Ardi hanya mengangguk, lalu menunduk dulu. Ia mencium punggung Amel dari atas ke bawah, lidahnya menelusuri tulang belakang istrinya hingga ke bawah. Saat lidahnya menyentuh bagian paling belakang, Amel langsung menjerit kecil dan tubuhnya bergetar.
“Mas! Jangan di situ… malu…”
Tapi Ardi malah semakin nakal. Ia menahan pinggul Amel yang mencoba kabur, lalu lidahnya bermain di sana, menjilat pelan, memutar, bahkan menyelinap masuk sedikit. Amel langsung lemas, lututnya gemetar, tangannya mencengkeram sprei hingga putih.
Setelah puas menggoda, Ardi baru bangun, memposisikan diri di belakang. Ia menggosok-gosokkan ujung miliknya di bagian depan Amel dulu, menggoda hingga Amel menggeliat dan memohon.
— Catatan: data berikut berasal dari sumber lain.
Lemma sum_eq_mem (T : finType) (a : T) (J : {set T}) :
  (\sum_(j in J) (a == j) = (a \in J))%N.
Proof.
case: (boolP (a \in J)) => aJ.
  rewrite (bigD1 a) //= eqxx big1 // => j /andP[_ ja].
  by rewrite eq_sym (negbTE ja).
by rewrite big1 // => j jJ; apply/eqP; rewrite eqb0; apply: contra aJ => /eqP ->.
Qed.

Lemma card_sep_sum (T : finType) (X : {set T}) (P : pred T) :
  #|[set x in X | P x]| = (\sum_(x in X) P x)%N.
Proof.
rewrite -sum1_card (eq_bigl (fun x => (x \in X) && P x)); last by move=> x; rewrite inE.
by rewrite big_mkcondr /=; apply: eq_bigr => x _; case: (P x).
Qed.

Section Independence.
Variables (T : finType) (e : rel T).

Lemma indepP (S : {set T}) :
  reflect (forall x y, x \in S -> y \in S -> ~~ e x y) (indep e S).
Proof.
apply: (iffP forallP) => [H x y xS yS | H x].
  by have /implyP/(_ xS)/forallP/(_ y)/implyP/(_ yS) := H x.
by apply/implyP => xS; apply/forallP => y; apply/implyP => yS; apply: H.
Qed.

Lemma indep0 : indep e set0.
Proof. by apply/indepP => x y; rewrite inE. Qed.

Lemma indep_le_alpha (S : {set T}) : indep e S -> (#|S| <= alpha e)%N.
Proof. by move=> H; apply: (leq_bigmax_cond S). Qed.

Lemma alpha_witness : exists2 S : {set T}, indep e S & #|S| = alpha e.
Proof.
have Hp : (0 < #|[pred S : {set T} | indep e S]|)%N.
  by apply/card_gt0P; exists set0; rewrite inE indep0.
by case: (eq_bigmax_cond (fun S : {set T} => #|S|) Hp) => S SI HS; exists S; rewrite // /alpha HS.
Qed.

Definition closed_nbhd (X : {set T}) : {set T} :=
  [set x | (x \in X) || [exists y in X, e y x]].

End Independence.
Arguments indepP {T e S}.
Arguments alpha_witness {T} e.

(* An orbit [D] of a group of automorphisms behaves like a vertex-transitive
   graph: for an independent [I] inside [D] and a largest independent [J]
   inside [D], [|I| / |N[I] :&: D| <= |J| / |D|]. *)
Section OrbitRatio.
Variables (T : finType) (e : rel T) (A : {group {perm T}}) (u : T).
Hypothesis e_sym : symmetric e.
Hypothesis A_aut : forall s, s \in A -> forall x y, e (s x) (s y) = e x y.

Local Notation D := (orbit 'P A u).

Lemma orbit_perm_stable s x : s \in A -> x \in D -> s x \in D.
Proof.
move=> sA /orbitP[a aA <-]; apply/orbitP; exists (a * s)%g; first by rewrite groupM.
by rewrite /= !apermE permM.
Qed.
“Mas… masukin… aku udah nggak tahan…”
Dengan satu dorongan pelan tapi dalam, Ardi masuk sepenuhnya. Amel langsung mendesah panjang, kepalanya terdongak ke atas. Ardi mulai bergerak pelan dulu, menikmati setiap gesekan, setiap kontraksi dinding Amel yang masih sensitif.
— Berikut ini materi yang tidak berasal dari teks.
Lemma LTC_of_digits k em E x m f :
  Z.of_nat m = (E - em)%Z -> LA k em E x = digit_sum f (bit_weight E) 0 (S m) ->
  is_LTC k em E x (filter f (seq 0 (S m))).
Proof.
  intros Hm HLA.
  assert (Hrange : forall j, In j (filter f (seq 0 (S m))) -> (0 <= j < 0 + S m)%nat).
  { intros j Hj; apply filter_In, proj1, in_seq in Hj; exact Hj. }
  split; [|split].
  - apply NoDup_filter, seq_NoDup.
  - intros s Hs; apply Hrange in Hs; lia.
  - rewrite HLA; apply eq_sym.
    rewrite (fold_sum_digit_sum (bit_weight E) _ 0 (S m))
      by (apply NoDup_filter, seq_NoDup || exact Hrange).
    apply digit_sum_ext; intros j Hj.
    apply Bool.eq_iff_eq_true; rewrite inb_spec, filter_In, in_seq; tauto.
Qed.

Lemma is_LTC_unique k em E x L L' :
  (em <= E)%Z -> is_LTC k em E x L -> is_LTC k em E x L' ->
  forall s, In s L <-> In s L'.
Proof.
  intros HE [Hnd [Hb Hsum]] [Hnd' [Hb' Hsum']].
  set (m := Z.to_nat (E - em)).
  assert (Hdigits : forall T, NoDup T -> (forall s, In s T -> (Z.of_nat s <= E - em)%Z) ->
            fold_right (fun s acc => powerRZ 2 (E - Z.of_nat s) + acc) 0 T =
            digit_sum (inb T) (bit_weight E) 0 (S m)).
  { intros T HT HbT; apply (fold_sum_digit_sum (bit_weight E)); auto.
    intros j Hj; apply HbT in Hj; unfold m; lia. }
  assert (Hsame : forall j, (j <= m)%nat -> inb L j = inb L' j).
  { intros j Hj; apply (digit_sum_inj _ (bit_weight_half E) (bit_weight_pos E) _ _ 0 m);
      [|lia].
    rewrite <- Hdigits, <- Hdigits, <- Hsum, <- Hsum'; auto. }
  intros s; rewrite <- !inb_spec; split; intros Hin.
  - rewrite <- Hsame; auto; apply inb_spec, Hb in Hin; unfold m; lia.
  - rewrite Hsame; auto; apply inb_spec, Hb' in Hin; unfold m; lia.
Qed.

Lemma firing_LTC k em E m (v : nat -> R) :
  (em <= E)%Z -> Z.of_nat m = (E - em)%Z ->
  (forall s, v (S s) =
     2 * (v s + if Rle_dec (Vth E) (v s) then eta_amp k E (v s) else 0)) ->
  exists L, is_LTC k em E (Rmax (v 0%nat) 0) L /\
    forall s, (s <= m)%nat -> (Vth E <= v s <-> In s L).
Proof.
  intros HE Hm Hstep.
  assert (HW : 0 < Vth E) by apply p2_pos.
  destruct (Rle_dec 0 (v 0%nat)) as [Hv0|Hv0].
  - rewrite Rmax_left by lra.
    assert (Hdigits : exists f, (forall s, (s <= m)%nat -> (Vth E <= v s <-> f s = true)) /\
              LA k em E (v 0%nat) = digit_sum f (bit_weight E) 0 (S m)).
    { destruct k; [apply multi_spike_digits | apply single_spike_digits]; auto;
        intros s; rewrite Hstep; simpl; destruct Rle_dec; ring. }
    destruct Hdigits as [f [Hfire HLA]].
    exists (filter f (seq 0 (S m))); split; [apply (LTC_of_digits _ _ _ _ _ _ Hm HLA)|].
    intros s Hs; rewrite Hfire, filter_In, in_seq by auto; split; [split; auto; lia|tauto].
  - rewrite Rmax_right by lra.
    assert (Hneg : forall s, v s <= 0).
    { induction s as [|s IH]; [lra|]; rewrite Hstep; destruct Rle_dec; lra. }
    exists nil; split.
    + split; [constructor|split; [intros s []|]].
      pose proof (p2_pos em).
      destruct k; simpl; unfold multi_LA, single_LA; destruct Rlt_dec; auto; lra.
    + intros s _; specialize (Hneg s); simpl; split; [lra|tauto].
Qed.

Lemma eps_succ e t tin : (tin <= t)%nat -> eps e (S t) tin = 2 * eps e t tin.
Proof.
  intros Ht; unfold eps.
  rewrite (proj2 (Nat.leb_le tin t)), (proj2 (Nat.leb_le tin (S t))) by lia.
  rewrite Nat.sub_succ_l by auto; simpl; ring.
Qed.

Lemma psp_succ e Fi t :
  (forall tin, In tin Fi -> (tin <= t)%nat) -> psp e Fi (S t) = 2 * psp e Fi t.
Proof.
  induction Fi as [|tin Fi IH]; intros Hin; unfold psp in *; simpl; [ring|].
  rewrite eps_succ, IH by (intros; apply Hin; simpl; auto); ring.
Qed.

Lemma input_drive_succ e syn t :
  (forall w Fi tin, In (w, Fi) syn -> In tin Fi -> (tin <= t)%nat) ->
  input_drive e syn (S t) = 2 * input_drive e syn t.
Proof.
  induction syn as [|[w Fi] syn IH]; intros Hin; unfold input_drive in *; simpl; [ring|].
  rewrite psp_succ, IH by (intros; eapply Hin; simpl; eauto); ring.
Qed.

Lemma out_hist_before k e E syn t p : In p (out_hist k e E syn t) -> (fst p < t)%nat.
Proof.
  revert p; induction t as [|t IH]; simpl; intros p Hp; [contradiction|].
  destruct Rle_dec; [apply in_app_or in Hp; destruct Hp as [Hp|[<-|[]]]|];
    try (apply IH in Hp); simpl; lia.
Qed.

Lemma fold_right_sum_init (A : Type) (g : A -> R) c l :
  fold_right (fun a acc => g a + acc) c l = fold_right (fun a acc => g a + acc) 0 l + c.
Proof. induction l as [|a l IH]; simpl; [|rewrite IH]; ring. Qed.

Lemma ahp_succ k E (H : list (nat * R)) t :
  (forall p, In p H -> (fst p <= t)%nat) ->
  fold_right (fun p acc => eta_amp k E (snd p) * 2 ^ (S t - fst p) + acc) 0 H =
  2 * fold_right (fun p acc => eta_amp k E (snd p) * 2 ^ (t - fst p) + acc) 0 H.
Proof.
  induction H as [|p H IH]; intros Hb; cbn [fold_right]; [ring|].
  rewrite IH, Nat.sub_succ_l by (intros; apply Hb; simpl; auto); simpl; ring.
Qed.

Lemma Vpre_succ k e E syn t :
  (forall w Fi tin, In (w, Fi) syn -> In tin Fi -> (tin <= t)%nat) ->
  Vpre k e E syn (S t) =
  2 * (Vpre k e E syn t +
       if Rle_dec (Vth E) (Vpre k e E syn t) then eta_amp k E (Vpre k e E syn t) else 0).
Proof.
  intros Hin; unfold Vpre at 1; simpl out_hist; fold (Vpre k e E syn t).
  assert (Hb : forall p, In p (out_hist k e E syn t) -> (fst p <= t)%nat)
    by (intros p Hp; apply out_hist_before in Hp; lia).
  unfold Vpre, vpre_from; rewrite input_drive_succ by auto.
  destruct Rle_dec.
  - rewrite fold_right_app, fold_right_sum_init, ahp_succ by auto.
    cbn [fold_right fst snd]; rewrite Nat.sub_succ_l, Nat.sub_diag by lia; simpl; ring.
  - rewrite ahp_succ by auto; ring.
Qed.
Tapi tak lama kemudian ritmenya semakin cepat. Tangan Ardi meraih rambut panjang Amel, menariknya pelan ke belakang seperti tali kekang. Amel semakin liar, pinggulnya membalas setiap dorongan dengan gerakan maju-mundur yang ganas.
“Mas… lebih keras… aku mau lagi…” erang Amel tanpa malu lagi.
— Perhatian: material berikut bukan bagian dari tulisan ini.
(* The chain of predecessors of [y] strictly decreases until it stops, so
   after [N] steps it has stopped. *)
Lemma chain_root_fix (y : 'I_N) : chain_prev (chain_root y) = chain_root y.
Proof.
suff /(_ N) : forall k, chain_prev (iter k chain_prev y) = iter k chain_prev y
                       \/ k + iter k chain_prev y <= y.
  by case=> // le_Ny; have := ltn_ord y; lia.
elim=> [|k IH]; first by right.
rewrite iterS; case: IH => [fixed|le_ky]; first by left; rewrite !fixed.
set z := iter k chain_prev y in le_ky *.
case: (pickP [pred x : 'I_N | A x z]) => [x /= Axz | none].
  by right; rewrite (chain_prev_arc Axz); have := A_lt Axz; lia.
by left; rewrite !chain_prev_id // => x; apply/negbT/none.
Qed.

Lemma chain_root_arc (x y : 'I_N) : A x y -> chain_root x = chain_root y.
Proof.
move=> Axy; have := chain_root_fix y; rewrite /chain_root => fixed.
by rewrite -(chain_prev_arc Axy) -iterSr iterS fixed.
Qed.

Lemma chain_root_le (y : 'I_N) : chain_root y <= y.
Proof.
suff le_iter k : iter k chain_prev y <= y by apply: le_iter.
by elim: k => // k IH; rewrite iterS (leq_trans (chain_prev_le _) IH).
Qed.

Lemma chain_root_id (y : 'I_N) : (forall x : 'I_N, ~~ A x y) -> chain_root y = y.
Proof. by move/chain_prev_id; apply: iter_fix. Qed.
Ardi melepaskan rambutnya, lalu meraih kedua tangan Amel, menariknya ke belakang hingga tubuh Amel melengkung indah. Ia menghantam lebih dalam, lebih cepat, suara benturan kulit terdengar keras di kamar yang sunyi.
Amel mencapai puncak pertama pagi itu dengan jeritan yang tertahan di bantal. Tubuhnya bergetar hebat, cairan hangat membasahi paha Ardi. Tapi Ardi belum selesai. Ia terus bergerak, bahkan setelah Amel lemas dan hanya bisa pasrah digoyang.
Baru setelah Amel klimaks untuk ketiga kalinya pagi itu, Ardi akhirnya melepaskan segalanya di dalam. Ia ambruk di atas punggung Amel, napas mereka sama-sama tersengal.
Beberapa menit mereka diam begitu saja, hanya saling mendengar detak jantung yang masih kencang.
Amel akhirnya berbalik pelan, memeluk Ardi erat-erat, wajahnya berseri-seri meski badannya pegal semua.
“Mas… kopi Mbok Samin itu aku beli banyak. Satu kilo,” bisiknya sambil tertawa kecil.
Ardi mencium kening Amel, lalu tertawa pelan.
“Mending kita buka warung kopi aja, Mel. Namanya ‘Kopi Stamina Mas Ardi’. Pasti laris manis.”
Amel mencubit perut suaminya manja.
“Enggak boleh! Kopi itu cuma buat aku seorang.”
Di luar, matahari mulai terbit. Di dalam, mereka berdua masih saling peluk, tahu bahwa hari ini (dan mungkin beberapa hari ke depan) mereka takkan keluar dari kamar terlalu sering.
Kopi Mbok Samin memang benar-benar mujarab.